Your goal - Print every line of the listing below, starting with the line that holds "(forall p q, dot" and going on through the line that holds "pose proof (H (mkVec 1", both included, and print nothing else.

Data for the task -
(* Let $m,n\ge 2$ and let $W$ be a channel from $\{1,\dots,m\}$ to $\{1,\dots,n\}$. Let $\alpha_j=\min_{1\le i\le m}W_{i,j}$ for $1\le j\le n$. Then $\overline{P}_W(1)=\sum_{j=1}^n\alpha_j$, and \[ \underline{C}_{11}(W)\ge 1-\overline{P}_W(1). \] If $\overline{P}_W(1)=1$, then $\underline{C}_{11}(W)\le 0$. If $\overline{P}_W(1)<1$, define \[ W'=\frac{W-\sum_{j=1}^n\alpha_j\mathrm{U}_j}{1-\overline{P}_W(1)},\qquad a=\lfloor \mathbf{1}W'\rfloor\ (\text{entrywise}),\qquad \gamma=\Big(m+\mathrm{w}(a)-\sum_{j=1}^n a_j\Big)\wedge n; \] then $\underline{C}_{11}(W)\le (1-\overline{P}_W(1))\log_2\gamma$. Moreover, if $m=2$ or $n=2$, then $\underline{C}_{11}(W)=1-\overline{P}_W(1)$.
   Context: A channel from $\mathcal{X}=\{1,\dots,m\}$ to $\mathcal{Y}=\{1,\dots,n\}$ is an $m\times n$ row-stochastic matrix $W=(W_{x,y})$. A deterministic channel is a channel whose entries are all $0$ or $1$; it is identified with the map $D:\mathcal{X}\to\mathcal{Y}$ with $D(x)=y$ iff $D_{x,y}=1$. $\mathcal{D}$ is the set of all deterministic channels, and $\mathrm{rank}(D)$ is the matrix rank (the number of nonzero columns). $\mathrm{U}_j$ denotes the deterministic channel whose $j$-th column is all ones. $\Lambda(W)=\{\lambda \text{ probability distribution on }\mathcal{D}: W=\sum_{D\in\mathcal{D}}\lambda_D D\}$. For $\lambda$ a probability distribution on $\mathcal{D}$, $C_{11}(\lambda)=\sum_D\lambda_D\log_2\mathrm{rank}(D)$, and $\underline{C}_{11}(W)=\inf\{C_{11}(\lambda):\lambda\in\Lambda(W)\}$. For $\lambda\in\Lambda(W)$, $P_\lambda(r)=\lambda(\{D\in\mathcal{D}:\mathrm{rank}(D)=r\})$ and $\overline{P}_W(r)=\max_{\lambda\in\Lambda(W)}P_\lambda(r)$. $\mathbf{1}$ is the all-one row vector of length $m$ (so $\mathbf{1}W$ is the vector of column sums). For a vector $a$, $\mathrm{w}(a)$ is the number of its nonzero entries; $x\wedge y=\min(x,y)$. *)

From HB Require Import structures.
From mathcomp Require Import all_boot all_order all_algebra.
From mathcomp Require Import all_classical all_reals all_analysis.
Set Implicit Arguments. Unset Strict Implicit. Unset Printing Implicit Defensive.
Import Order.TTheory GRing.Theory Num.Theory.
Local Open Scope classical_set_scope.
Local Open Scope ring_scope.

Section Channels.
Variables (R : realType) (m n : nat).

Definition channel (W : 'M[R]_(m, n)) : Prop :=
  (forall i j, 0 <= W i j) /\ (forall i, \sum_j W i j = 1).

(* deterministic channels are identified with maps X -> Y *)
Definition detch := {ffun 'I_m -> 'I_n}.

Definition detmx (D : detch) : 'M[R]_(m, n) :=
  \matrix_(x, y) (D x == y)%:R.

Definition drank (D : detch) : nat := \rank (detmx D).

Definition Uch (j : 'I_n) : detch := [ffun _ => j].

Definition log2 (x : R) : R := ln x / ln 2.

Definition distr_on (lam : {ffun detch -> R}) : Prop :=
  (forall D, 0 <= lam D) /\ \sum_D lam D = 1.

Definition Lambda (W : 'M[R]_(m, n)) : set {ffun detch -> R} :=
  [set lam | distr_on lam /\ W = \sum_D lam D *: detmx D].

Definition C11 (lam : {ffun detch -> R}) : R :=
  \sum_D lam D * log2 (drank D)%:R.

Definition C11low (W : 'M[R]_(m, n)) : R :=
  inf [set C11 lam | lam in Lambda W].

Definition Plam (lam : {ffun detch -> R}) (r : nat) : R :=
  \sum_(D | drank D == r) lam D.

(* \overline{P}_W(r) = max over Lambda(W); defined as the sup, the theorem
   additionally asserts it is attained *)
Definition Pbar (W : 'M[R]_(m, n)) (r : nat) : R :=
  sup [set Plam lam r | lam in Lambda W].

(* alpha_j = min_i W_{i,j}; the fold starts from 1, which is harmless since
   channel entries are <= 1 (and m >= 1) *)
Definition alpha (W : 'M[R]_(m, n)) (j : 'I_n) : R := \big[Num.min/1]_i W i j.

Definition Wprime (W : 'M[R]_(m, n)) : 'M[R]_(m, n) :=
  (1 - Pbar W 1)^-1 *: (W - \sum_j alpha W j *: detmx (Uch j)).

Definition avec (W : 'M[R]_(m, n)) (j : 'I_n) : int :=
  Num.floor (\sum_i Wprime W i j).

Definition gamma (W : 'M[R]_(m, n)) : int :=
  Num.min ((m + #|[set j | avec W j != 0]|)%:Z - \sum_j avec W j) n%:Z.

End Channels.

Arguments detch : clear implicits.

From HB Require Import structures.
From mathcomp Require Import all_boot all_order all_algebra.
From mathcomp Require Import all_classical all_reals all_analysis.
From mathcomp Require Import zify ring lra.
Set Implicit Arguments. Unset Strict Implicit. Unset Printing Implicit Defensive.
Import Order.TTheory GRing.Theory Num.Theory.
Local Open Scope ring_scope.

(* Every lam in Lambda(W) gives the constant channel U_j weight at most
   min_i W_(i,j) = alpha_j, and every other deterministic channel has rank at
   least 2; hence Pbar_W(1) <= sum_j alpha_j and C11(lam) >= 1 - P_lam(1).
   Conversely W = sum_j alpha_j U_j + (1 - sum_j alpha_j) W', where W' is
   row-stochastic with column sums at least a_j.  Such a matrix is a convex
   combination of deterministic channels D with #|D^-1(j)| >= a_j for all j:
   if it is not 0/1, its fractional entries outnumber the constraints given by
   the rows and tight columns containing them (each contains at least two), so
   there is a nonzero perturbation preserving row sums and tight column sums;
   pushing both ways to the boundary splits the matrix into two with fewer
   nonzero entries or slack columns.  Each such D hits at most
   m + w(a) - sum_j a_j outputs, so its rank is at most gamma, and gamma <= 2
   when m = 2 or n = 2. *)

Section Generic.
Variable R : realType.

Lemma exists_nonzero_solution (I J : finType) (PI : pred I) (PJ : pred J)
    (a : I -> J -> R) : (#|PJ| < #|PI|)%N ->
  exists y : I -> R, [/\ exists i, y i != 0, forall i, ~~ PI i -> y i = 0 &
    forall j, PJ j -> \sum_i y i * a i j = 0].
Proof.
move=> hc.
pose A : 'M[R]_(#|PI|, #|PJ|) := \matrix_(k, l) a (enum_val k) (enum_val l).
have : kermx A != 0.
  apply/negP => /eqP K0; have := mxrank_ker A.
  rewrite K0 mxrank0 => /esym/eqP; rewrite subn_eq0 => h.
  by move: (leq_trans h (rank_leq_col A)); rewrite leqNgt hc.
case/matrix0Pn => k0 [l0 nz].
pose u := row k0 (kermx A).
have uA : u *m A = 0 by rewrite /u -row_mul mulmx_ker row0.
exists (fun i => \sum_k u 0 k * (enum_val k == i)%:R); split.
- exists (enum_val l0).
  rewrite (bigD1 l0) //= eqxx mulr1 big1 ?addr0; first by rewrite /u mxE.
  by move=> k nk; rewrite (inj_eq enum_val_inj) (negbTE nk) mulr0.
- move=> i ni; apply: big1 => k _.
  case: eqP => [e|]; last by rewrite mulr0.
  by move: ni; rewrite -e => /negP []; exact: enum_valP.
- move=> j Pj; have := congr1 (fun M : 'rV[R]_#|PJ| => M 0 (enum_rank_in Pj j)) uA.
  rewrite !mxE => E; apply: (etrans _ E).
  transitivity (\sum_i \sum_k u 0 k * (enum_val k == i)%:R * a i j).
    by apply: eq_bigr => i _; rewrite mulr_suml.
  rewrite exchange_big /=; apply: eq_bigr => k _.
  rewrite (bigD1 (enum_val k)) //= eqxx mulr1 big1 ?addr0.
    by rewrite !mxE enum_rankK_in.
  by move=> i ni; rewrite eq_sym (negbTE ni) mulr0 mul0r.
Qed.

* * *

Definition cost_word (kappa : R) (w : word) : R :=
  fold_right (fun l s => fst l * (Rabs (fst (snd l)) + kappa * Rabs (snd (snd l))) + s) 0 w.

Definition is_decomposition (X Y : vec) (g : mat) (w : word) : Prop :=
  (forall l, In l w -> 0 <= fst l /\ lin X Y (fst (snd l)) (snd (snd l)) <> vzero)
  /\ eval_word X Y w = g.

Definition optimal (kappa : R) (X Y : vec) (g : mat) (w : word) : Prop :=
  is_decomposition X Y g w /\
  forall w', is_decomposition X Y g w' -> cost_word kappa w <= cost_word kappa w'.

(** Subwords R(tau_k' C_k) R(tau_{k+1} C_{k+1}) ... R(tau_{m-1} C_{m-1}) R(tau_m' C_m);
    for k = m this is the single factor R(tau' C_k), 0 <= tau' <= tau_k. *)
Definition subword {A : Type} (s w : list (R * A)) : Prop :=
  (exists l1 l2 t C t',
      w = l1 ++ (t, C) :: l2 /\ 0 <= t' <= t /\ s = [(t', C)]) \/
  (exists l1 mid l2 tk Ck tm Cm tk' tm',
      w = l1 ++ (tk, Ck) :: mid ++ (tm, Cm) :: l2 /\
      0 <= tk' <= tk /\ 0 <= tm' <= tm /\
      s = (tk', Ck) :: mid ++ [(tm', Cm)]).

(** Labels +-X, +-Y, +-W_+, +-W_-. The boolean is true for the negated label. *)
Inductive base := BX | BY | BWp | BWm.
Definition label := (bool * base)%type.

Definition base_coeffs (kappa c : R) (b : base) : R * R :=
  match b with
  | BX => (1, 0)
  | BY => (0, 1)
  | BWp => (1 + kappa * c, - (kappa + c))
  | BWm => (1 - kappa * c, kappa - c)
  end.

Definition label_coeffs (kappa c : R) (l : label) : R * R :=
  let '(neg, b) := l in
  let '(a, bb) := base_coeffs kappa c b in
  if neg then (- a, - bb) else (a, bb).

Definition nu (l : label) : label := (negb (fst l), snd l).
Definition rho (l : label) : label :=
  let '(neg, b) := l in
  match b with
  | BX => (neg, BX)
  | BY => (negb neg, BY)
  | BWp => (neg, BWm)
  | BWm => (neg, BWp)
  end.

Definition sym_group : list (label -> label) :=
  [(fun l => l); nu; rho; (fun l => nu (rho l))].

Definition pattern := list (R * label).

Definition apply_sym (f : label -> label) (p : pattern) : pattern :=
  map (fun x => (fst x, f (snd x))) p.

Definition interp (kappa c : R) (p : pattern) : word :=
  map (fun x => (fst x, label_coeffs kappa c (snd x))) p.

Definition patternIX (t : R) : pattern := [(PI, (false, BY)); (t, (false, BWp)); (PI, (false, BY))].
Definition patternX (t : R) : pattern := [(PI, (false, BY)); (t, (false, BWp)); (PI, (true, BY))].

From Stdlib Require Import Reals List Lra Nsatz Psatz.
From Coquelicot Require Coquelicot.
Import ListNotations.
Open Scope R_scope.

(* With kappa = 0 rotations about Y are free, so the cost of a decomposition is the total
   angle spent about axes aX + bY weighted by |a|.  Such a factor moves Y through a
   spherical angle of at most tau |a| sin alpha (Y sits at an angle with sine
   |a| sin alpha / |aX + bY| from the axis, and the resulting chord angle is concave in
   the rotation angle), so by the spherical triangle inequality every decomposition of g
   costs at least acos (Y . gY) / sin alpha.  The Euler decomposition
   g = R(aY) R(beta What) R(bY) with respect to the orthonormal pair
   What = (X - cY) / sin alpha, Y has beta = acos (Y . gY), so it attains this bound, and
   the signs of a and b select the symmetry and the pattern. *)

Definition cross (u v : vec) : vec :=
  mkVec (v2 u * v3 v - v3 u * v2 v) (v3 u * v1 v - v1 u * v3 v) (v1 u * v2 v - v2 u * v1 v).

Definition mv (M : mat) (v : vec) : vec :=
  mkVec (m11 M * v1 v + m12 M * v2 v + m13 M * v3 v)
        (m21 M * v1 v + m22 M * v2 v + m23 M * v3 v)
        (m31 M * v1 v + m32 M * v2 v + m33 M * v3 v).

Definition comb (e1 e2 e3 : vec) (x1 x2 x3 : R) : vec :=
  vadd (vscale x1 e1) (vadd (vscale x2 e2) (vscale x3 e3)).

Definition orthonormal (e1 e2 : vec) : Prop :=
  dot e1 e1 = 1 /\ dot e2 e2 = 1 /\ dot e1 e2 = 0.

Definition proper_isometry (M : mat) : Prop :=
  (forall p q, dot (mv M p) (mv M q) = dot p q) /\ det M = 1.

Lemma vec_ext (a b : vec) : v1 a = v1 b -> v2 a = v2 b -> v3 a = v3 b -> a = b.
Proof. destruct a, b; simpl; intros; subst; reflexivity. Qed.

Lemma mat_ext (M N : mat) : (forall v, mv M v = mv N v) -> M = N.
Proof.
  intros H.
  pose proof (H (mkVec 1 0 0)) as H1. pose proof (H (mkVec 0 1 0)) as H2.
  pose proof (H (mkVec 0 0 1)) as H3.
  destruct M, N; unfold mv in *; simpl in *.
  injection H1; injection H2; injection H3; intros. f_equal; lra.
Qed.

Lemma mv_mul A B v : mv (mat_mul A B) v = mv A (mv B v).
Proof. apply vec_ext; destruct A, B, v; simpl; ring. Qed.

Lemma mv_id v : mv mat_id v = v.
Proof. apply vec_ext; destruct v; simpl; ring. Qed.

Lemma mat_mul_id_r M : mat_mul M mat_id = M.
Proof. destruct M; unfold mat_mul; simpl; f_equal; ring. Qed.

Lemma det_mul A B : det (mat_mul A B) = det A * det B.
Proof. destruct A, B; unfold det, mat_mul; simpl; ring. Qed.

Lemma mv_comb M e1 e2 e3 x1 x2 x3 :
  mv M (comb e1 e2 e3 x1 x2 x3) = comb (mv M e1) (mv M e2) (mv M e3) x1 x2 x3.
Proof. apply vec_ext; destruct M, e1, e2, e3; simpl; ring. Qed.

Written answer -
  (forall p q, dot (mv M p) (mv M q) = dot p q) /\ det M = 1.

Lemma vec_ext (a b : vec) : v1 a = v1 b -> v2 a = v2 b -> v3 a = v3 b -> a = b.
Proof. destruct a, b; simpl; intros; subst; reflexivity. Qed.

Lemma mat_ext (M N : mat) : (forall v, mv M v = mv N v) -> M = N.
Proof.
  intros H.
  pose proof (H (mkVec 1 0 0)) as H1. pose proof (H (mkVec 0 1 0)) as H2.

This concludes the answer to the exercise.